Harvesting Sugarcane in Cuba

This photograph captures a Cuban sugarcane harvester at work. The importance of sugar cultivation was one of the many economic benefits that influenced Spanish colonial expansion in the Cuban landscape.

The geography of Guantánamo has always involved a contested race for authority, due to its centrality in the Western hemisphere as a gateway for economic opportunity and political authority. On his second voyage in 1494, Christopher Columbus discovered Guantánamo Bay on the southeastern coast of Cuba — a natural harbor with a wide mouth lying low to the ocean and surrounded by a mountain range. From here Columbus encountered Cuba’s natural fecundity: an island that was capable of producing valuable resources such as silver, tobacco, coffee, and sugar. These natural resources (particularly sugar) would ensure Spain’s political dominance over global trade in the Atlantic World, and effectually define the Cuban landscape as an integral economic resource for future colonial enterprises.

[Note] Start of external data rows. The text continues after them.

Lemma step_tset n (p : n.+1.-tuple Z5) i e k : (i.+1 < n)%N -> (k < n)%N ->
  step (tset 0 p i.+1 (p`_i + e)) k =
  if k == i then e else if k == i.+1 then step p i + step p i.+1 - e else step p k.
Proof.
move=> Hi Hk; rewrite /step !nth_nat_tuple ?eqSS //; last by lia.
case: (k =P i) => [->|_]; first by rewrite (ltn_eqF (ltnSn i)); ring.
by case: (k =P i.+1) => [->|//]; ring.
Qed.

Lemma allowed_tset n (p : n.+1.-tuple Z5) i e : (i.+1 < n)%N -> allowed C5_12 p ->
  allowed C5_12 (tset 0 p i.+1 (p`_i + e)) =
  (e \in S12) && (step p i + step p i.+1 - e \in S12).
Proof.
move=> Hi /allowed_C5P Hp; have Hi' : (i < n)%N by lia.
apply/allowed_C5P/andP => [He|[He1 He2] k].
  split; [move: (He i) | move: (He i.+1)];
    by rewrite size_tuple step_tset ?eqxx ?(gtn_eqF (ltnSn i)) //; apply; lia.
rewrite size_tuple ltnS => Hk; rewrite step_tset //.
by case: ifP => // _; case: ifP => // _; apply: Hp; rewrite size_tuple.
Qed.

Lemma regular_tdelete n (p : n.+1.-tuple Z5) i : (i.+1 < n)%N -> allowed C5_12 p ->
  regular (tdelete 0 p i.+1).
Proof.
move=> Hi /allowed_C5P Hp; apply/(regularP 0) => k; rewrite size_tuple => Hk.
have Hstep m : (m < n)%N -> step p m \in S12 by move=> Hm; apply: Hp; rewrite size_tuple.
rewrite eq_sym -subr_eq0 /tdelete !nth_nat_tuple //; last by lia.
case: (ltngtP k i) => Hki.
- by rewrite !ltnS Hki (ltnW Hki) S12_neq0 // Hstep; lia.
- by rewrite !ltnS ltnNge (ltnW Hki) leqNgt Hki S12_neq0 // Hstep.
- by rewrite Hki !ltnS ltnn leqnn step_add S12_add_neq0 // Hstep; lia.
Qed.
Lemma block_qform_le (rX rW rS rD : R) :
  w_e ip X = rX%:E -> w_e ip W = rW%:E ->
  w_e ip (half_sum Y Z) = rS%:E -> w_e ip (half_diff Y Z) = rD%:E ->
  forall x y, ipB (x, y) (x, y) = 1 ->
  enorm (qform ipB B (x, y)) <= Num.max rX rW + rS + rD.
Proof.
move=> wX wW wS wD x y xy1.
have nxy1 : sqnorm x + sqnorm y = 1 by apply: complexI; rewrite -ip_sum_xx.
have cmod_half : cmod (2%:R : R[i])^-1 = 2^-1.
  by rewrite half_real cmod_real ger0_norm // invr_ge0 ler0n.
have mean_par u v : 2^-1 * (sqnorm (u + v) + sqnorm (u - v)) = sqnorm u + sqnorm v.
  by rewrite parallelogram mulrA mulVf ?pnatr_eq0 // mul1r.
rewrite -[enorm _]mul1r -cmod_i -enormZ polarization.
apply: le_trans (enormD _ _) _; apply: lerD; last first.
  apply: le_trans (qform_pair_le half_diff_lin _ _ wD cmod_half) _.
  by rewrite mean_par sqnorm_i nxy1 mulr1.
apply: le_trans (enormD _ _) _; apply: lerD; last first.
  have cmod_ihalf : cmod ('i%C / 2%:R : R[i]) = 2^-1 by rewrite cmodM cmod_i mul1r.
  apply: le_trans (qform_pair_le half_sum_lin _ _ wS cmod_ihalf) _.
  by rewrite mean_par nxy1 mulr1.
apply: le_trans (enorm_comb _ _ _ _) _; rewrite cmod_i !mul1r.
have m_ge : Num.max rX rW = Num.max rX rW * (sqnorm x + sqnorm y) by rewrite nxy1 mulr1.
rewrite m_ge mulrDr; apply: lerD.
  apply: le_trans (qform_le X_lin wX x) _.
  by apply: ler_wpM2r; rewrite ?sqnorm_ge0 // le_max lexx.
apply: le_trans (qform_le W_lin wW y) _.
by apply: ler_wpM2r; rewrite ?sqnorm_ge0 // le_max lexx orbT.
Qed.

End BlockOperator.

End InnerProductSpace.

Local Open Scope ereal_scope.

Lemma fin_le_maxe_add (R : realType) (e : R) (a b c d : \bar R) :
  a != -oo -> b != -oo -> c != -oo -> d != -oo ->
  (forall ra rb rc rd, a = ra%:E -> b = rb%:E -> c = rc%:E -> d = rd%:E ->
     (e <= Num.max ra rb + rc + rd)%R) ->
  e%:E <= maxe a b + c + d.
Proof.
case: a => [ra| |] // _; case: b => [rb| |] // _; case: c => [rc| |] // _;
  case: d => [rd| |] // _ le_e; rewrite ?maxye ?maxey ?addye ?addey ?leey //;
  rewrite -?EFin_max -?EFinD //.
by rewrite lee_fin; exact: le_e.
Qed.

Theorem mainTheorem18 (R : realType) (H : lmodType R[i]) (ip : H -> H -> R[i])
  (hH : is_hilbert ip) (d : nat) (X Y Z W : 'I_d -> H -> H)
  (hX : forall k, is_bounded_op ip (X k)) (hY : forall k, is_bounded_op ip (Y k))
  (hZ : forall k, is_bounded_op ip (Z k)) (hW : forall k, is_bounded_op ip (W k)) :
  let B := fun k => block_op (X k) (Y k) (Z k) (W k) in
  maxe (maxe (w_e ip X) (w_e ip W))
       (maxe (w_e ip (half_sum Y Z)) (w_e ip (half_diff Y Z)))
    <= w_e (ip_sum ip) B
  /\ w_e (ip_sum ip) B
    <= maxe (w_e ip X) (w_e ip W) + w_e ip (half_sum Y Z) + w_e ip (half_diff Y Z).
Proof.
move=> B; have [ipH _] := hH.
have lin (T : 'I_d -> H -> H) :
    (forall k, is_bounded_op ip (T k)) -> forall k, linear (T k).
  by move=> T_bdd k; case: (T_bdd k).
have [[[lX lY] lZ] lW] := (lin _ hX, lin _ hY, lin _ hZ, lin _ hW).
split.
  by rewrite !ge_max !(w_e_X_le, w_e_W_le, w_e_half_sum_le, w_e_half_diff_le).
apply: w_e_lub => -[x y] xy1.
have [u u1] := unit_of_sum_unit ipH xy1.
apply: fin_le_maxe_add; try exact: w_e_neqNy u1.
by move=> rX rW rS rD wX wW wS wD; exact: (block_qform_le ipH lX lY lZ lW).
Qed.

Beyond the bay, Columbus familiarized himself with the complex network of trade winds that centralized Guantánamo Bay within the larger Caribbean Basin. Between Guantánamo Bay and the northwest end of Hispaniola lies one of the busiest sea-lanes in the Western hemisphere—the Windward Passage. Its winds blow ships from the Atlantic into the Caribbean Basin where travelers have total access to the Antilles Islands, the Gulf of Mexico, Central and South America, and – by the twentieth century – even the Pacific Ocean by way of the Panama Canal. This oceanic system effectively unites the global hemispheres, making it ideal for boundless human movement, colonial expansion, and commercial enterprise. Thus, the ecologically complex, secure, and ripe landscape of Guantánamo Bay was an attractive resource for Spanish colonial expansion in the Caribbean Basin, inciting a familiar history of imperial exploitation of commerce in the modern Atlantic World.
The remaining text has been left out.